35.2 Built-in Scheduler Plugins
Right, let’s talk about how your Pods actually get a home. The kube-scheduler isn’t some mystical oracle; it’s a highly configurable, slightly pedantic librarian who follows a very specific set of rules to find the right shelf for your book (the Pod). We call these rules its scheduling plugins.
Think of the scheduling process as a two-phase filter-and-score system. First, the librarian eliminates all the shelves that are obviously wrong. Is the node out of disk? Filtered out. Does the Pod need a GPU and this node doesn’t have one? Gone. This is the Filtering phase, run by plugins like NodeResourcesFit. Then, for all the remaining, perfectly valid shelves, the librarian ranks them. “This shelf has the most free RAM, let’s give it a high score. This one has a label the Pod prefers, add a few points.” This is the Scoring phase, run by plugins like NodeResourcesBalancedAllocation. The node with the highest score wins. It’s brutally efficient.
The Usual Suspects: Default Plugins
Out of the box, you get a sensible squad of plugins doing the heavy lifting. You don’t need to configure these 99% of the time, but you absolutely need to know what they’re doing for you.
NodeResourcesFit is your bouncer. It checks if a node has enough CPU, memory, and ephemeral storage to host the Pod. It’s not smart about it—it’s just checking raw allocatable capacity. This is why you can’t just kubectl apply a Pod requesting 999999 CPUs; it’ll sit Pending forever because no bouncer will let it into the club.
NodeAffinity and NodeSelector are the next big ones. NodeSelector is the simple, blunt instrument: “Put this Pod only on a node with this label.” NodeAffinity is its more sophisticated cousin, allowing for softer preferences (preferredDuringSchedulingIgnoredDuringExecution – what a name) and more complex label matching rules. I use these to pin workloads to GPU nodes or specific availability zones.
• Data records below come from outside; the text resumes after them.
(* In the setting described in the context, one has identically on $M$: $$\overline{\mathcal K}(H_0)=-2\,\overline{\mathcal L}_1(\bar k)\,H_0 .$$
   Context: Let $M\subset\mathbb C^3$ be a real-analytic real hypersurface, considered locally near a point, represented in holomorphic coordinates $(z_1,z_2,w)$, $w=u+iv$, as a graph $u=F(z_1,z_2,\bar z_1,\bar z_2,v)$; $(z_1,z_2,\bar z_1,\bar z_2,v)$ are coordinates on $M$. Bars denote complex conjugation. Put $A^j:=-iF_{z_j}/(1+iF_v)$ ($j=1,2$), $\mathcal L_j:=\partial_{z_j}+A^j\partial_v$, with conjugates $\overline{\mathcal L}_j$. Let $\ell:=i(\mathcal L_1(\overline{A^1})-\overline{\mathcal L}_1(A^1))$, assumed nowhere zero. Assume the Levi form of $M$ has constant rank $1$, let $k:=-(\mathcal L_2(\overline{A^1})-\overline{\mathcal L}_1(A^2))/(\mathcal L_1(\overline{A^1})-\overline{\mathcal L}_1(A^1))$, $\mathcal K:=k\mathcal L_1+\mathcal L_2$, $\overline{\mathcal K}=\bar k\overline{\mathcal L}_1+\overline{\mathcal L}_2$. Assume 2-nondegeneracy: $\overline{\mathcal L}_1(k)$ vanishes nowhere. Let $P:=(\ell_{z_1}+A^1\ell_v-\ell A^1_v)/\ell$ and $$H_0:=-\tfrac16\tfrac{\overline{\mathcal L}_1(\overline{\mathcal L}_1(\overline{\mathcal L}_1(k)))}{\overline{\mathcal L}_1(k)}+\tfrac29\tfrac{\overline{\mathcal L}_1(\overline{\mathcal L}_1(k))^2}{\overline{\mathcal L}_1(k)^2}+\tfrac1{18}\tfrac{\overline{\mathcal L}_1(\overline{\mathcal L}_1(k))\,\overline P}{\overline{\mathcal L}_1(k)}+\tfrac16\overline{\mathcal L}_1(\overline P)-\tfrac19\overline P^{\,2}.$$ *)

From Stdlib Require Import Reals List.
From Coquelicot Require Import Coquelicot.
Open Scope R_scope.
Lemma rho_on_gt0P D x : reflect (exists2 i, i \in D & a i = x) (0 < rho_on D x).
Proof.
apply: (iffP card_gt0P) => [[i]|[i Di aix]]; last by exists i; rewrite inE Di aix eqxx.
by rewrite inE => /andP [Di /eqP aix]; exists i.
Qed.

Lemma rho_on_card D x : rho_on D x <= #|D|.
Proof. by apply/subset_leq_card/subsetP => i; rewrite inE => /andP []. Qed.

Lemma rho_on_le1 T x : {in T &, injective a} -> rho_on T x <= 1.
Proof.
move=> injT; apply/card_le1_eqP => i j; rewrite !inE.
move=> /andP [Ti /eqP aix] /andP [Tj /eqP ajx].
by apply: injT; rewrite ?aix ?ajx.
Qed.

Lemma rho_onD D T x : T \subset D -> rho_on D x = rho_on (D :\: T) x + rho_on T x.
Proof.
move=> sTD; rewrite /rho_on -(cardsID T [set i in D | a i == x]) addnC.
congr (_ + _); apply: eq_card => i; rewrite !inE.
  by rewrite andbA.
by case Ti: (i \in T); rewrite ?andbT ?andbF // (subsetP sTD i Ti).
Qed.

Lemma sum_rho_on T : \sum_(x <- terms a) rho_on T x = #|T|.
Proof.
have rhoE x : rho_on T x = \sum_(i in T) (a i == x).
  rewrite /rho_on -sum1_card big_mkcond [RHS]big_mkcond; apply: eq_bigr => i _.
  by rewrite inE; case: (i \in T); case: (a i == x).
under eq_bigr do rewrite rhoE; rewrite exchange_big -sum1_card; apply: eq_bigr => i _.
have terms_ai : a i \in terms a by rewrite mem_undup map_f ?mem_enum.
have count_ai : count_mem (a i) (terms a) = 1.
  by rewrite count_uniq_mem ?terms_ai // undup_uniq.
rewrite -count_ai -sum1_count [RHS]big_mkcond /=.
by apply: eq_bigr => x _; rewrite eq_sym; case: (x == a i).
Qed.

Lemma mu_sum_step l D T :
  T \subset D -> (forall x, rho_on T x <= 1) ->
  (forall x, rho_on T x = 0 -> rho_on (D :\: T) x <= l) ->
  mu_sum l.+1 D <= mu_sum l (D :\: T) + #|T|.
Proof.
move=> sTD le1 cover; rewrite -sum_rho_on -big_split; apply: leq_sum => x _ /=.
by rewrite (rho_onD x sTD); have := le1 x; have := cover x; lia.
Qed.

Lemma exists_step_set l D : l < #|D| ->
  exists T, [/\ T \subset D, 0 < #|T|, #|T| <= #|D| - l, {in T &, injective a}
              & forall x, rho_on T x = 0 -> rho_on (D :\: T) x <= l].
Proof.
move=> lt_lD; pose ok T := [&& T \subset D, dinjectiveb a T & #|T| <= #|D| - l].
have ok0 : ok set0 by rewrite /ok sub0set cards0 /dinjectiveb enum_set0.
case: (arg_maxnP (fun T => #|T|) ok0) => T /and3P [sTD /dinjectiveP injT leT] maxT.
exists T; split => //.
  have [i Di] : exists i, i \in D by apply/card_gt0P; lia.
  rewrite -(cards1 i); apply: maxT; apply/and3P.
  split; rewrite ?sub1set ?cards1 //; last by lia.
  by apply/dinjectiveP => u v /set1P -> /set1P ->.
move=> x /eqP; rewrite -leqn0 leqNgt => /rho_on_gt0P x_notin_aT.
have [ltT|geT] := ltnP #|T| (#|D| - l); last first.
  by rewrite (leq_trans (rho_on_card _ _)) // cardsD (setIidPr sTD); lia.
suff /eqP : rho_on (D :\: T) x == 0 by move=> ->.
rewrite -leqn0 leqNgt; apply/rho_on_gt0P => -[j]; rewrite inE => /andP [Tj Dj] ajx.
suff : #|j |: T| <= #|T| by rewrite cardsU1 Tj add1n ltnn.
apply: maxT; apply/and3P; split; rewrite ?subUset ?sub1set ?Dj ?cardsU1 ?Tj //.
apply/dinjectiveP => u v; rewrite !inE => /predU1P [->|Tu] /predU1P [->|Tv] // auv.
- by case: x_notin_aT; exists v; rewrite -?auv.
- by case: x_notin_aT; exists u; rewrite ?auv.
- exact: injT.
Qed.

End Multiplicities.

Lemma mu_sum_le_card_dprods (G : groupType) (m : nat) (a : 'I_m -> G) l
    (D : {set 'I_m}) :
  torsion_free G -> l <= #|D| -> mu_sum a l D + 1 <= #|` dprods a l D| + l.
Proof.
move=> tfG; elim: l D => [|l IHl] D le_lD.
  by rewrite /mu_sum big1 ?cardfs1 // => x _; rewrite min0n.
have [T [sTD T0 leT injT coverT]] := exists_step_set a le_lD.
have cardDT : #|D :\: T| = #|D| - #|T| by rewrite cardsD (setIidPr sTD).
have card_aT : #|` [fset a i | i in T]%fset| = #|T|.
  by rewrite card_in_imfset // -card_finset card_in_imfset.
have aT0 : [fset a i | i in T]%fset != fset0 by rewrite -cardfs_gt0 card_aT.
have le_l_DT : l <= #|D :\: T| by lia.
have := kemperman_torsion_free tfG aT0 (dprods_neq0 a le_l_DT).
have := fsubset_leq_card (fmul_image_dprods a l sTD).
have := mu_sum_step sTD (fun x => rho_on_le1 x injT) coverT.
by have := IHl _ le_l_DT; lia.
Qed.

Local Open Scope ring_scope.

Theorem theorem6p1 (G : groupType) (l m : nat) (a : 'I_m -> G) :
  (0 < l)%N -> (l <= m)%N -> torsion_free G ->
  ((\sum_(x <- terms a) mu l a x)%N)%:Z - l%:Z + 1
    <= (size (Sigma l a))%:Z.
Proof.
(* The bound also holds for l = 0. *)
move=> _ le_lm tfG.
have le_l_I : (l <= #|[set: 'I_m]|)%N by rewrite cardsT card_ord.
have := mu_sum_le_card_dprods a tfG le_l_I.
have -> : mu_sum a l [set: 'I_m] = (\sum_(x <- terms a) mu l a x)%N.
  by apply: eq_bigr => x _; congr minn; apply: eq_card => i; rewrite !inE.
have : (#|` dprods a l [set: 'I_m]| <= size (Sigma l a))%N.
  by apply: uniq_leq_size; [exact: fset_uniq | exact: dprods_sub_Sigma].
lia.
Qed.
Theorem lemma2 (R : realType) (d : nat) (U : 'rV[R]_d -> R) (L m K gbar : R) :
  C2 U ->
  grad U 0 = 0 ->
  (forall x, opnorm_le (hess U x) L) ->
  0 < m -> 0 <= K ->
  (forall x y : 'rV[R]_d, K <= enorm x -> enorm y = 1 -> m <= hess_form U x y) ->
  0 < gbar -> gbar <= m ^+ 3 / (4 * L ^+ 4) ->
  let eps := (m ^+ 3 / 2 ^+ 4) *
     (Num.sqrt 2 * L ^+ 2 + (Num.sqrt 2 ^+ 3)^-1 * Num.sqrt gbar * L ^+ 3)^-1 in
  let C2g := 2 * L + Num.sqrt 2 * L ^+ 2 / eps + (gbar / 2) * L ^+ 2
     + (Num.sqrt 2 ^+ 3)^-1 * (Num.sqrt gbar ^+ 3) * L ^+ 3 / eps in
  let Kt := 2 * K * (1 + L / m) in
  forall (gamma : R) (x z : 'rV[R]_d),
    0 < gamma -> gamma <= gbar ->
    Num.max (2 * K) Kt <= enorm x ->
    enorm z <= enorm x / (4 * Num.sqrt (2 * gamma)) ->
    tau U gamma x z <= C2g * gamma * (enorm z) ^+ 2.
Proof.
move=> [dU [dG _]] grad0 hessL m_gt0 K_ge0 hess_ge gbar_gt0 gbar_le eps C2g Kt g x z.
move=> g_gt0 g_le; rewrite ge_max => /andP[Kx _] zx.
have [d0|d_gt0] := posnP d.
  by subst d; rewrite tau_rV0 enorm_rV0 expr0n /= mulr0.
have mL := curvature_le_opnorm hess_ge d_gt0 K_ge0 hessL.
have [gL1 gL2] := step_size_bounds m_gt0 mL g_gt0 g_le gbar_le.
have L_ge0 : 0 <= L := le_trans (ltW m_gt0) mL.
apply: le_trans (tau_le dU dG grad0 L_ge0 hessL m_gt0 hess_ge g_gt0 gL1 gL2 Kx zx) _.
apply: ler_wpM2r; first exact: sqr_ge0.
apply: ler_wpM2r; first exact: ltW.
exact: curvature_ratio_le_C2 m_gt0 mL gbar_gt0 erefl.
Qed.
PodTopologySpread is where things get clever. This is your best weapon for achieving high availability. It understands your cluster’s topology (like zones, regions, hostnames) and spreads your Pods across them to minimize the blast radius of a single failure. You’d be a fool not to use it for anything production-worthy.
apiVersion: apps/v1
kind: Deployment
metadata:
name: spread-me
spec:
replicas: 3
template:
spec:
containers:
- name: nginx
image: nginx
topologySpreadConstraints:
- maxSkew: 1 # Max difference of Pods between any two zones
topologyKey: topology.kubernetes.io/zone
whenUnsatisfiable: DoNotSchedule # Hard requirement
labelSelector: # Spread Pods based on their own labels
matchLabels:
app: spread-me
This tells the scheduler: “Keep the number of my Pods roughly even across zones, and never, ever put more than one Pod extra in any single zone compared to another.” It’s a thing of beauty.
Tainting My Nodes: Tolerations
This is the inverse of affinity. Instead of the Pod saying “I want this,” you tell the node to repulse Pods that don’t have a specific antidote. You taint the node, and Pods must have a matching toleration to be scheduled there. This is perfect for dedicating nodes to specific, noisy workloads.
# Add a taint to a node. This is the node's problem.
kubectl taint nodes node01 special-workload=true:NoSchedule
# And this is the Pod's solution (its toleration)
apiVersion: v1
kind: Pod
metadata:
name: my-pod
spec:
containers:
- name: nginx
image: nginx
tolerations:
- key: "special-workload"
operator: "Equal"
value: "true"
effect: "NoSchedule"
Without that toleration, the scheduler’s filtering phase would see the taint on node01 and nope right out of there. It’s a fantastic way to cordon off nodes without actually cordoning them off.
The Gotchas and Rough Edges
Now, the scheduler is brilliant, but it’s not clairvoyant. Here’s where you can step on a rake.
The biggest pitfall is resource requests. If you forget to set them, your Pod’s resources.requests is {}, which the scheduler interprets as “I need 0 CPU and 0 memory.” It will happily pack 100 of these Pods onto a single node until the kubelet—who actually has to run the thing—freaks out from memory pressure and starts murdering containers. Always set your requests. It’s not a suggestion; it’s a requirement for the scheduler to do its job properly.
Another edge case is the preemption plugin. If a high-priority Pod can’t be scheduled, the scheduler might try to evict lower-priority Pods to make room. It’s as brutal as it sounds. If you’ve ever had a perfectly healthy Pod suddenly get killed for no apparent reason, check if you have a preemptor moving in. Use priorityClassName judiciously.
Finally, remember the scheduler only cares about scheduling time. A node can have plenty of CPU when your Pod lands, but then another Pod on the same node might go haywire and consume all the CPU five minutes later. The scheduler’s job is done. It doesn’t do continuous optimization. For that, you need add-ons like the descheduler, which is a story for another time. The built-in scheduler finds a home; it doesn’t guarantee the neighbors won’t be terrible.